Since you can’t be in two places at once so my father developed his technique of ensuring my safety and his career simultaneously. It happened that the kindergarten was surrounded by a wall that was high enough to stop me from escaping. So he would drive to the building for 8.00 am, lift me over the wall, and drive off again. An hour or so later the other people would turn up. And I thought this was normal.

The time came for me to go to infants. I can distinctly remember being taken to the infant’s school that all my friends were going to and being told to go away. I never figured out why. I know it was some bureaucratic mix up. However I ended up going to a Methodist church infants school at the Scott Arms about 3 or 4 miles from our house. The problem with my father’s career was the same and I was of course the first person there being dropped off at around 8.00 am for the 9.00 am start. When it was cold in the winter the staff used to take me into the staff room to thaw me out.

The start of the next academic year saw me being moved to another school, again I don’t know why, perhaps it was because I wasn’t a Methodist. This school was at a place called Pheasey, Collingwood Drive. I loved it. What’s more because it was near where my mother worked she could drop me off and at last I was normal.

There I was rising 6 and sometimes I had to make my way back home to Great Barr on my own. This involved either catching a bus to the Scott Arms and changing to one for Great Barr or walking about 5 miles down country lanes. I would choose which I wanted to do and just do it. And I thought this was normal.

At the end of my second academic year, my parents decided to move house to Skip Lane a distance of about 5 miles. The old house was a semi-detached house and the new one was detached. It meant I had to go to another new school. Chuckery. What a dump. To describe it as Dickensian would be a compliment. The toilets were outside and in winter the water in the toilet pans froze.

The food at lunchtime was served in another outside building an asbestos hut. Mashed potato, indeterminate meat, soggy cabbage, and asbestos dust. Yum.

I had been given a joke ring – the kind that you used to get in Christmas crackers. There was a bulb that you filled with water and when someone looked at your nice ring you could squeeze the bulb and squirt them. Very infantile, but funny.

One lunchtime I was enjoying my food when a dinner lady came near. I showed her the ring and squirted. Somehow they didn’t see the funny side. I was told to stand outside the headmaster’s study.
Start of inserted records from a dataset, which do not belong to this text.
Definition base_blocks_225 : seq (seq N) := [::
  [:: 50; 91; 366; 552]; [:: 117; 188; 328; 552]; [:: 193; 370; 467; 552]; [:: 250; 285; 386; 552];
  [:: 296; 480; 497; 552]; [:: 46; 248; 436; 552]; [:: 128; 237; 526; 552]; [:: 12; 189; 501; 552];
  [:: 23; 135; 390; 555]; [:: 110; 163; 335; 555]; [:: 174; 394; 477; 555]; [:: 227; 313; 404; 555];
  [:: 300; 442; 538; 555]; [:: 34; 243; 464; 555]; [:: 70; 211; 483; 555]; [:: 63; 170; 506; 555];
  [:: 35; 98; 348; 558]; [:: 133; 168; 339; 558]; [:: 146; 397; 454; 558]; [:: 222; 296; 353; 558];
  [:: 316; 482; 513; 558]; [:: 52; 262; 420; 558]; [:: 114; 251; 545; 558]; [:: 15; 151; 529; 558];
  [:: 13; 80; 351; 561]; [:: 84; 181; 249; 561]; [:: 229; 355; 539; 561]; [:: 183; 291; 371; 561];
  [:: 200; 418; 499; 561]; [:: 57; 310; 492; 561]; [:: 124; 299; 429; 561]; [:: 17; 251; 473; 561];
  [:: 65; 82; 356; 564]; [:: 122; 166; 228; 564]; [:: 208; 402; 508; 564]; [:: 204; 295; 379; 564];
  [:: 188; 439; 546; 564]; [:: 13; 314; 551; 564]; [:: 132; 330; 471; 564]; [:: 63; 233; 446; 564];
  [:: 42; 78; 376; 567]; [:: 118; 202; 207; 567]; [:: 229; 407; 489; 567]; [:: 201; 323; 348; 567];
  [:: 155; 481; 506; 567]; [:: 17; 288; 544; 567]; [:: 125; 319; 447; 567]; [:: 13; 242; 452; 567];
  [:: 57; 119; 219; 570]; [:: 124; 169; 430; 570]; [:: 176; 275; 408; 570]; [:: 250; 452; 531; 570];
  [:: 327; 394; 444; 570]; [:: 14; 359; 527; 570]; [:: 105; 344; 490; 570]; [:: 43; 180; 322; 570];
  [:: 23; 115; 238; 573]; [:: 111; 143; 466; 573]; [:: 168; 216; 377; 573]; [:: 272; 428; 517; 573];
  [:: 309; 405; 420; 573]; [:: 55; 403; 489; 573]; [:: 137; 332; 515; 573]; [:: 30; 151; 280; 573];
  [:: 22; 69; 257; 576]; [:: 89; 165; 481; 576]; [:: 160; 253; 394; 576]; [:: 216; 422; 515; 576];
  [:: 333; 374; 432; 576]; [:: 39; 378; 535; 576]; [:: 85; 299; 510; 576]; [:: 20; 194; 286; 576];
  [:: 0; 178; 331; 579]; [:: 74; 200; 241; 579]; [:: 240; 288; 380; 579]; [:: 124; 287; 499; 579];
  [:: 117; 355; 421; 579]; [:: 40; 393; 486; 579]; [:: 147; 446; 548; 579]; [:: 62; 209; 441; 579];
  [:: 21; 168; 295; 582]; [:: 119; 139; 237; 582]; [:: 263; 318; 348; 582]; [:: 91; 317; 488; 582];
  [:: 105; 371; 430; 582]; [:: 61; 361; 484; 582]; [:: 155; 470; 537; 582]; [:: 62; 226; 465; 582];
  [:: 57; 167; 280; 585]; [:: 128; 195; 239; 585]; [:: 253; 297; 403; 585]; [:: 82; 317; 498; 585];
  [:: 117; 402; 424; 585]; [:: 34; 407; 536; 585]; [:: 190; 431; 523; 585]; [:: 44; 225; 441; 585];
  [:: 11; 104; 237; 588]; [:: 79; 160; 336; 588]; [:: 191; 271; 362; 588]; [:: 212; 277; 416; 588];
  [:: 278; 378; 502; 588]; [:: 30; 376; 480; 588]; [:: 93; 478; 504; 588]; [:: 4; 165; 485; 588];
  [:: 49; 80; 240; 591]; [:: 79; 162; 340; 591]; [:: 151; 229; 387; 591]; [:: 209; 278; 469; 591];
  [:: 279; 391; 496; 591]; [:: 2; 395; 437; 591]; [:: 99; 459; 501; 591]; [:: 21; 173; 521; 591];
  [:: 54; 86; 222; 594]; [:: 115; 179; 338; 594]; [:: 180; 256; 373; 594]; [:: 248; 282; 459; 594];
  [:: 307; 383; 493; 594]; [:: 10; 354; 478; 594]; [:: 84; 470; 516; 594]; [:: 41; 205; 503; 594];
  [:: 56; 145; 337; 597]; [:: 110; 159; 248; 597]; [:: 238; 344; 493; 597]; [:: 75; 294; 482; 597];
  [:: 130; 354; 506; 597]; [:: 13; 421; 492; 597]; [:: 197; 347; 477; 597]; [:: 51; 240; 382; 597];
  [:: 54; 157; 331; 600]; [:: 104; 192; 247; 600]; [:: 237; 335; 519; 600]; [:: 99; 285; 429; 600];
  [:: 121; 383; 517; 600]; [:: 20; 416; 515; 600]; [:: 161; 388; 463; 600]; [:: 19; 209; 408; 600];
  [:: 10; 178; 340; 603]; [:: 101; 204; 258; 603]; [:: 251; 281; 539; 603]; [:: 117; 282; 418; 603];
  [:: 121; 382; 504; 603]; [:: 54; 438; 529; 603]; [:: 188; 345; 476; 603]; [:: 14; 265; 410; 603];
  [:: 44; 158; 279; 606]; [:: 77; 168; 243; 606]; [:: 268; 286; 476; 606]; [:: 132; 284; 369; 606];
  [:: 79; 451; 507; 606]; [:: 52; 380; 456; 606]; [:: 184; 358; 545; 606]; [:: 60; 254; 502; 606];
  [:: 12; 194; 337; 609]; [:: 111; 177; 241; 609]; [:: 230; 296; 420; 609]; [:: 91; 318; 383; 609];
  [:: 83; 440; 503; 609]; [:: 38; 409; 418; 609]; [:: 181; 381; 511; 609]; [:: 7; 228; 540; 609];
  [:: 28; 176; 326; 612]; [:: 124; 153; 239; 612]; [:: 231; 288; 415; 612]; [:: 116; 292; 400; 612];
  [:: 105; 429; 514; 612]; [:: 48; 369; 440; 612]; [:: 160; 410; 519; 612]; [:: 47; 247; 506; 612];
  [:: 64; 115; 269; 615]; [:: 83; 192; 520; 615]; [:: 175; 270; 408; 615]; [:: 265; 298; 540; 615];
  [:: 367; 416; 500; 615]; [:: 45; 342; 362; 615]; [:: 123; 284; 418; 615]; [:: 11; 149; 468; 615];
  [:: 19; 72; 272; 618]; [:: 109; 159; 547; 618]; [:: 205; 228; 401; 618]; [:: 247; 314; 486; 618];
  [:: 372; 453; 521; 618]; [:: 36; 325; 397; 618]; [:: 131; 309; 479; 618]; [:: 17; 182; 418; 618];
  [:: 52; 89; 272; 621]; [:: 123; 192; 517; 621]; [:: 139; 240; 352; 621]; [:: 232; 327; 537; 621];
  [:: 368; 463; 500; 621]; [:: 33; 287; 408; 621]; [:: 121; 289; 420; 621]; [:: 47; 158; 449; 621];
  [:: 42; 111; 419; 624]; [:: 106; 256; 277; 624]; [:: 188; 287; 459; 624]; [:: 239; 385; 418; 624];
  [:: 180; 216; 520; 624]; [:: 35; 139; 387; 624]; [:: 80; 380; 497; 624]; [:: 22; 318; 510; 624];
  [:: 65; 135; 475; 627]; [:: 79; 227; 287; 627]; [:: 178; 312; 461; 627]; [:: 261; 396; 450; 627];
  [:: 194; 271; 497; 627]; [:: 13; 162; 377; 627]; [:: 83; 391; 498; 627]; [:: 6; 286; 529; 627];
  [:: 55; 126; 453; 630]; [:: 109; 261; 306; 630]; [:: 177; 334; 415; 630]; [:: 262; 413; 461; 630];
  [:: 181; 215; 528; 630]; [:: 24; 179; 382; 630]; [:: 113; 348; 502; 630]; [:: 59; 344; 488; 630];
  [:: 62; 89; 302; 633]; [:: 123; 171; 262; 633]; [:: 227; 295; 529; 633]; [:: 187; 318; 469; 633];
  [:: 140; 410; 500; 633]; [:: 61; 476; 528; 633]; [:: 100; 381; 450; 633]; [:: 15; 222; 370; 633];
  [:: 67; 126; 330; 636]; [:: 70; 163; 267; 636]; [:: 241; 311; 514; 636]; [:: 170; 286; 429; 636];
  [:: 168; 392; 533; 636]; [:: 30; 448; 498; 636]; [:: 86; 363; 428; 636]; [:: 29; 254; 364; 636];
  [:: 18; 106; 328; 639]; [:: 104; 176; 260; 639]; [:: 240; 315; 520; 639]; [:: 153; 302; 464; 639];
  [:: 202; 371; 524; 639]; [:: 44; 468; 507; 639]; [:: 126; 375; 463; 639]; [:: 22; 223; 403; 639];
  [:: 27; 92; 213; 642]; [:: 124; 185; 551; 642]; [:: 174; 211; 379; 642]; [:: 248; 451; 511; 642];
  [:: 334; 398; 510; 642]; [:: 1; 399; 446; 642]; [:: 126; 300; 426; 642]; [:: 11; 205; 329; 642];
  [:: 66; 111; 258; 645]; [:: 80; 205; 542; 645]; [:: 149; 256; 384; 645]; [:: 260; 419; 550; 645];
  [:: 295; 409; 501; 645]; [:: 7; 383; 462; 645]; [:: 76; 291; 460; 645]; [:: 59; 159; 317; 645];
  [:: 12; 76; 252; 648]; [:: 102; 189; 542; 648]; [:: 202; 214; 389; 648]; [:: 212; 432; 535; 648];
  [:: 304; 360; 525; 648]; [:: 25; 409; 469; 648]; [:: 122; 324; 431; 648]; [:: 11; 173; 314; 648];
  [:: 2; 104; 374; 651]; [:: 114; 140; 479; 651]; [:: 145; 344; 390; 651]; [:: 250; 370; 468; 651];
  [:: 330; 436; 500; 651]; [:: 55; 218; 310; 651]; [:: 112; 228; 534; 651]; [:: 30; 183; 547; 651];
  [:: 49; 107; 367; 654]; [:: 126; 200; 458; 654]; [:: 166; 321; 389; 654]; [:: 256; 357; 456; 654];
  [:: 328; 430; 513; 654]; [:: 6; 224; 278; 654]; [:: 103; 252; 484; 654]; [:: 59; 174; 515; 654];
  [:: 9; 104; 372; 657]; [:: 132; 170; 425; 657]; [:: 196; 316; 376; 657]; [:: 238; 407; 447; 657];
  [:: 344; 433; 502; 657]; [:: 35; 257; 321; 657]; [:: 118; 243; 530; 657]; [:: 4; 138; 549; 657];
  [:: 15; 118; 336; 660]; [:: 117; 268; 363; 660]; [:: 154; 225; 334; 660]; [:: 299; 406; 417; 660];
  [:: 191; 377; 493; 660]; [:: 23; 153; 457; 660]; [:: 122; 440; 489; 660]; [:: 16; 209; 488; 660];
  [:: 46; 76; 329; 663]; [:: 81; 240; 393; 663]; [:: 154; 248; 324; 663]; [:: 328; 382; 476; 663];
  [:: 203; 413; 527; 663]; [:: 18; 177; 429; 663]; [:: 119; 478; 529; 663]; [:: 44; 256; 522; 663];
  [:: 14; 70; 322; 666]; [:: 102; 224; 390; 666]; [:: 190; 211; 326; 666]; [:: 312; 352; 472; 666];
  [:: 194; 386; 546; 666]; [:: 46; 189; 482; 666]; [:: 131; 420; 518; 666]; [:: 42; 237; 502; 666];
  [:: 6; 113; 293; 669]; [:: 88; 168; 494; 669]; [:: 178; 211; 330; 669]; [:: 301; 354; 517; 669];
  [:: 248; 425; 534; 669]; [:: 20; 264; 352; 669]; [:: 99; 353; 435; 669]; [:: 28; 170; 466; 669];
  [:: 43; 122; 331; 672]; [:: 121; 183; 539; 672]; [:: 142; 264; 305; 672]; [:: 318; 406; 517; 672];
  [:: 265; 448; 507; 672]; [:: 45; 251; 410; 672]; [:: 117; 351; 437; 672]; [:: 29; 173; 441; 672];
  [:: 59; 137; 318; 675]; [:: 94; 204; 533; 675]; [:: 187; 248; 319; 675]; [:: 281; 413; 517; 675];
  [:: 243; 474; 519; 675]; [:: 43; 241; 348; 675]; [:: 84; 406; 451; 675]; [:: 18; 140; 449; 675];
  [:: 11; 100; 347; 678]; [:: 123; 148; 267; 678]; [:: 159; 292; 373; 678]; [:: 256; 408; 485; 678];
  [:: 233; 315; 420; 678]; [:: 45; 329; 495; 678]; [:: 125; 439; 511; 678]; [:: 49; 182; 476; 678];
  [:: 68; 80; 379; 681]; [:: 70; 160; 243; 681]; [:: 168; 283; 399; 681]; [:: 238; 353; 522; 681];
  [:: 251; 303; 415; 681]; [:: 18; 335; 523; 681]; [:: 108; 479; 488; 681]; [:: 34; 140; 429; 681];
  [:: 47; 93; 390; 684]; [:: 122; 187; 234; 684]; [:: 201; 340; 398; 684]; [:: 217; 400; 535; 684];
  [:: 266; 339; 464; 684]; [:: 66; 323; 527; 684]; [:: 97; 450; 504; 684]; [:: 28; 191; 469; 684];
  [:: 60; 120; 305; 687]; [:: 128; 180; 268; 687]; [:: 140; 294; 446; 687]; [:: 242; 319; 398; 687];
  [:: 249; 430; 487; 687]; [:: 65; 352; 465; 687]; [:: 94; 384; 497; 687]; [:: 10; 145; 531; 687];
  [:: 9; 122; 277; 690]; [:: 118; 188; 231; 690]; [:: 193; 299; 460; 690]; [:: 262; 309; 380; 690];
  [:: 260; 417; 507; 690]; [:: 29; 388; 458; 690]; [:: 114; 366; 502; 690]; [:: 22; 141; 515; 690];
  [:: 6; 136; 339; 693]; [:: 81; 187; 227; 693]; [:: 189; 289; 474; 693]; [:: 228; 284; 350; 693];
  [:: 259; 482; 530; 693]; [:: 8; 355; 427; 693]; [:: 98; 381; 519; 693]; [:: 43; 167; 490; 693];
  [:: 33; 105; 456; 696]; [:: 94; 173; 403; 696]; [:: 171; 210; 472; 696]; [:: 305; 380; 419; 696];
  [:: 215; 354; 498; 696]; [:: 23; 208; 328; 696]; [:: 113; 342; 505; 696]; [:: 13; 154; 539; 696];
  [:: 19; 128; 439; 699]; [:: 102; 177; 375; 699]; [:: 154; 274; 479; 699]; [:: 339; 394; 435; 699];
  [:: 270; 413; 540; 699]; [:: 63; 242; 314; 699]; [:: 112; 319; 547; 699]; [:: 44; 194; 551; 699];
  [:: 11; 130; 458; 702]; [:: 101; 193; 383; 702]; [:: 176; 242; 471; 702]; [:: 340; 402; 469; 702];
  [:: 247; 379; 543; 702]; [:: 49; 252; 279; 702]; [:: 72; 320; 514; 702]; [:: 66; 183; 521; 702];
  [:: 0; 121; 410; 705]; [:: 96; 181; 487; 705]; [:: 195; 339; 367; 705]; [:: 233; 396; 483; 705];
  [:: 289; 436; 497; 705]; [:: 23; 268; 329; 705]; [:: 80; 273; 446; 705]; [:: 52; 149; 480; 705];
  [:: 57; 114; 379; 708]; [:: 119; 178; 496; 708]; [:: 153; 340; 348; 708]; [:: 228; 383; 549; 708];
  [:: 305; 469; 551; 708]; [:: 23; 251; 336; 708]; [:: 136; 271; 419; 708]; [:: 1; 146; 444; 708];
  [:: 39; 107; 393; 711]; [:: 94; 154; 493; 711]; [:: 150; 314; 356; 711]; [:: 250; 394; 519; 711];
  [:: 276; 478; 536; 711]; [:: 65; 252; 343; 711]; [:: 78; 233; 473; 711]; [:: 55; 167; 480; 711];
  [:: 8; 125; 302; 714]; [:: 103; 181; 208; 714]; [:: 264; 279; 488; 714]; [:: 153; 298; 347; 714];
  [:: 158; 476; 541; 714]; [:: 39; 379; 516; 714]; [:: 117; 393; 429; 714]; [:: 37; 236; 451; 714];
  [:: 36; 111; 312; 717]; [:: 80; 192; 257; 717]; [:: 214; 277; 536; 717]; [:: 164; 299; 389; 717];
  [:: 202; 466; 502; 717]; [:: 25; 355; 495; 717]; [:: 94; 408; 482; 717]; [:: 17; 231; 423; 717];
  [:: 28; 112; 301; 720]; [:: 135; 182; 267; 720]; [:: 236; 278; 503; 720]; [:: 196; 321; 407; 720];
  [:: 168; 447; 502; 720]; [:: 68; 391; 534; 720]; [:: 107; 363; 436; 720]; [:: 21; 259; 428; 720];
  [:: 51; 133; 384; 723]; [:: 86; 194; 250; 723]; [:: 186; 385; 431; 723]; [:: 215; 303; 386; 723];
  [:: 270; 448; 528; 723]; [:: 29; 320; 414; 723]; [:: 120; 319; 521; 723]; [:: 7; 202; 487; 723];
  [:: 18; 72; 413; 726]; [:: 85; 205; 247; 726]; [:: 143; 396; 427; 726]; [:: 251; 309; 370; 726];
  [:: 252; 447; 513; 726]; [:: 29; 296; 455; 726]; [:: 86; 319; 545; 726]; [:: 49; 165; 520; 726];
  [:: 6; 110; 412; 729]; [:: 69; 174; 232; 729]; [:: 175; 383; 447; 729]; [:: 245; 294; 372; 729];
  [:: 237; 434; 522; 729]; [:: 20; 290; 436; 729]; [:: 127; 286; 551; 729]; [:: 13; 173; 535; 729];
  [:: 63; 105; 436; 732]; [:: 125; 227; 321; 732]; [:: 192; 237; 461; 732]; [:: 343; 412; 480; 732];
  [:: 142; 308; 522; 732]; [:: 41; 143; 360; 732]; [:: 124; 350; 508; 732]; [:: 64; 208; 551; 732];
  [:: 68; 73; 369; 735]; [:: 98; 200; 521; 735]; [:: 175; 248; 377; 735]; [:: 296; 400; 519; 735];
  [:: 214; 444; 517; 735]; [:: 28; 252; 330; 735]; [:: 78; 337; 457; 735]; [:: 66; 195; 455; 735];
  [:: 66; 91; 244; 738]; [:: 102; 175; 423; 738]; [:: 167; 249; 332; 738]; [:: 263; 428; 503; 738];
  [:: 303; 385; 481; 738]; [:: 4; 316; 514; 738]; [:: 77; 378; 525; 738]; [:: 65; 153; 407; 738];
  [:: 46; 85; 336; 741]; [:: 116; 146; 385; 741]; [:: 184; 251; 332; 741]; [:: 298; 368; 455; 741];
  [:: 246; 369; 508; 741]; [:: 29; 226; 438; 741]; [:: 96; 478; 522; 741]; [:: 18; 174; 509; 741];
  [:: 64; 93; 238; 744]; [:: 119; 150; 331; 744]; [:: 170; 216; 388; 744]; [:: 227; 327; 482; 744];
  [:: 287; 404; 506; 744]; [:: 42; 351; 436; 744]; [:: 109; 456; 543; 744]; [:: 23; 151; 496; 744];
  [:: 4; 128; 297; 747]; [:: 85; 139; 431; 747]; [:: 206; 234; 323; 747]; [:: 310; 442; 539; 747];
  [:: 248; 382; 414; 747]; [:: 15; 238; 489; 747]; [:: 78; 410; 508; 747]; [:: 50; 177; 399; 747];
  [:: 27; 100; 444; 750]; [:: 83; 138; 350; 750]; [:: 149; 209; 446; 750]; [:: 307; 402; 445; 750];
  [:: 268; 346; 496; 750]; [:: 19; 207; 335; 750]; [:: 81; 297; 545; 750]; [:: 65; 205; 486; 750];
  [:: 16; 113; 233; 753]; [:: 124; 182; 457; 753]; [:: 151; 238; 495; 753]; [:: 249; 411; 434; 753];
  [:: 331; 471; 506; 753]; [:: 54; 368; 538; 753]; [:: 117; 284; 397; 753]; [:: 5; 156; 339; 753];
  [:: 28; 118; 461; 756]; [:: 135; 262; 286; 756]; [:: 200; 210; 417; 756]; [:: 285; 378; 430; 756];
  [:: 183; 329; 529; 756]; [:: 62; 139; 412; 756]; [:: 98; 377; 503; 756]; [:: 9; 236; 492; 756];
  [:: 45; 128; 276; 759]; [:: 72; 168; 405; 759]; [:: 203; 307; 480; 759]; [:: 230; 338; 397; 759];
  [:: 407; 445; 515; 759]; [:: 22; 241; 482; 759]; [:: 70; 249; 513; 759]; [:: 17; 184; 511; 759];
  [:: 22; 71; 388; 762]; [:: 117; 185; 466; 762]; [:: 163; 233; 354; 762]; [:: 327; 356; 462; 762];
  [:: 241; 416; 532; 762]; [:: 23; 219; 298; 762]; [:: 70; 332; 539; 762]; [:: 63; 186; 549; 762];
  [:: 68; 79; 420; 765]; [:: 84; 195; 254; 765]; [:: 241; 284; 437; 765]; [:: 160; 412; 436; 765];
  [:: 167; 318; 540; 765]; [:: 21; 316; 389; 765]; [:: 86; 345; 490; 765]; [:: 43; 273; 551; 765];
  [:: 11; 77; 388; 768]; [:: 130; 256; 292; 768]; [:: 204; 267; 363; 768]; [:: 284; 386; 517; 768];
  [:: 160; 327; 425; 768]; [:: 30; 161; 531; 768]; [:: 72; 417; 491; 768]; [:: 7; 218; 469; 768];
  [:: 67; 85; 327; 771]; [:: 131; 177; 234; 771]; [:: 248; 301; 424; 771]; [:: 149; 296; 370; 771];
  [:: 178; 468; 521; 771]; [:: 45; 402; 458; 771]; [:: 78; 365; 486; 771]; [:: 17; 253; 499; 771];
  [:: 56; 176; 302; 774]; [:: 128; 145; 245; 774]; [:: 271; 282; 438; 774]; [:: 117; 304; 499; 774];
  [:: 97; 354; 431; 774]; [:: 67; 472; 504; 774]; [:: 144; 373; 521; 774]; [:: 18; 267; 380; 774];
  [:: 101; 342; 392; 455]; [:: 61; 179; 386; 489]; [:: 5; 81; 437; 514]; [:: 126; 225; 326; 362];
  [:: 35; 174; 243; 417]; [:: 26; 111; 405; 525]; [:: 28; 270; 450; 493]; [:: 66; 74; 151; 279];
  [:: 109; 238; 300; 387]; [:: 11; 252; 280; 529]; [:: 73; 155; 207; 477]; [:: 120; 183; 361; 414];
  [:: 17; 187; 324; 502]; [:: 62; 239; 413; 433]; [:: 102; 244; 360; 463]; [:: 188; 344; 454; 495];
  [:: 172; 310; 361; 503]; [:: 48; 180; 252; 290]; [:: 174; 293; 447; 523]; [:: 82; 292; 395; 523];
  [:: 57; 79; 240; 508]; [:: 199; 248; 372; 462]].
I stood there for what seemed like forever but was probably around half an hour. Mr Hibbs, the headmaster arrived. I bleated that “It was only a joke”. Not impressed he got the tawse. The tawse consisted of three leather belts. They were wound together at one end to form a handle and at the other they were separate. Each belt came to a point and had a metal end to it. I had to put my hand out and he brought this weapon down on my outstretched hand three times. I don’t think I have ever been so terrified – it wasn’t the pain it was the anticipation.

I was 8, this was 1963, the Beatles were in the charts! My parents decided that it would be good for me to go to Sunday school at the local church, St Martins. Looking back it was bizarre. They never went to church but I had to. So every Sunday morning I walked the couple of miles to the church went to the service on my own, went to Sunday school on my own, and then walked home. And I thought this was normal.